A ética e a interrupção da gravidez

As ciências contemporâneas, sobretudo as ciências da vida (biologia, medicina, genética etc.), criaram uma
série de dilemas éticos que são estudados pela filosofia. O ramo da filosofia que estuda os problemas morais
que surgem dessas ciências é chamado bioética; e a subdivisão da bioética que cuida de assuntos específicos
da medicina, como o aborto, é chamada ética médica.

O aborto é um dos pontos mais difíceis da ética médica. Ele envolve aspectos religiosos, legais, médicos,
socioculturais e políticos. Neste artigo, examinaremos o aborto somente do ponto de vista da filosofia, expondo
os principais argumentos contra e a favor da interrupção intencional da gravidez.

Há duas posições opostas bem delimitadas na discussão sobre o aborto. A primeira, pró-vida ou conservadora,
defende o direito moral da vida do feto. A segunda, pró-escolha ou liberal, entende que a mulher tem um
direito moral sobre o próprio corpo, o que lhe permite fazer o aborto.

É claro que existem opiniões intermediárias. Alguns acham errado o aborto, mas defendem sua prática em
casos específicos (por exemplo, quando a mulher ou o filho correm risco de morte - ou quando a mãe foi vítima
de estupro). Do mesmo modo, entre aqueles que defendem o aborto, há os que são contra a prática sob certas
circunstâncias, por exemplo, quando a gestação se encontra num estado avançado. Além disso, existem
também situações que fogem a essas duas abordagens. Por exemplo, quando a mulher grávida precisa remover
o útero por conta de um câncer. Neste caso, o aborto seria um efeito colateral.

Principais argumentos
À parte todas essas questões, as duas posições contrárias ajudam a entender os dois principais argumentos do
problema ético do aborto.

O primeiro argumento diz respeito ao direito moral à vida do embrião ou feto. Ele afirma que, se os fetos têm
direito moral à vida, então o aborto é errado, pois a proteção à vida é um valor superior à escolha da mulher.
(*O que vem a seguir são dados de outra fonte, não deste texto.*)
Lemma primary_decomposition_exists F : is_submodule F -> (exists m, ~ F m) ->
  exists s (P : 'I_s -> set R) (Q : 'I_s -> set M), primary_decomposition F P Q.
Proof.
move=> F_sub F_proper.
have ex : exists s, `[< decomposable F s >].
  by have [s dec] := decomposable_exists F_sub F_proper; exists s; apply/asboolP.
case: (ex_minnP ex) => -[|s] /asboolP [P [Q [Q_prim FE]]] s_min.
  by case: F_proper => m Fm; exfalso; apply Fm; rewrite FE => -[].
have s_lt (dec : decomposable F s) : False by have := s_min _ (asboolT dec); rewrite ltnn.
exists s.+1, P, Q; split=> // [i j Pij|j FE'].
  by apply: contrapT => ij; apply: s_lt (decomposable_merge Q_prim FE ij Pij).
exact: s_lt (decomposable_drop Q_prim FE').
Qed.

End Existence.

Section Saturation.
Variables (R : comNzRingType) (M : lmodType R).
Variable P : set R.
Hypothesis P_prime : prime_ideal P.
Implicit Types (N F : set M).

(* The P-saturation S_P(N) of N, i.e. the contraction of the localisation N_P. *)
Definition saturation N := [set m | exists2 u, ~ P u & N (u *: m)].

Lemma saturation_submodule N : is_submodule N -> is_submodule (saturation N).
Proof.
have P1 := prime_neq1 P_prime.
move=> N_sub; split; first by exists 1; rewrite ?scaler0; last apply: submod0.
split=> [x y [u Pu Nux] [v Pv Nvy]|r x [u Pu Nux]].
  exists (u * v); first exact: prime_mulN.
  rewrite scalerDr -!scalerA (scaler_comm u v x).
  exact: submodD N_sub (submodZ _ N_sub Nux) (submodZ _ N_sub Nvy).
by exists u; rewrite // scaler_comm; apply: submodZ.
Qed.

Lemma sub_saturation N : N `<=` saturation N.
Proof. by move=> x Nx; exists 1; rewrite ?scale1r //; apply: prime_neq1. Qed.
O problema com esse argumento é saber o que é exatamente uma pessoa, no sentido moral do termo, e se o
feto ou embrião se encaixa nessa definição. Se o embrião é uma pessoa, ele tem direito à vida, caso contrário,
é destituído desse direito.

A conceituação clássica do que é uma pessoa foi dada pelo filósofo inglês John Locke (1632-1704) no Ensaio
sobre o entendimento humano (1690). Ele define pessoa como "um ser inteligente, que possui razão e
capacidade de reflexão, e pode considerar a si próprio como uma coisa que pensa, em diferentes momentos e
lugares; que o faz apenas por essa consciência, que é inseparável do pensamento e que me parece essencial a
ele; sendo impossível para qualquer um perceber sem perceber que percebe".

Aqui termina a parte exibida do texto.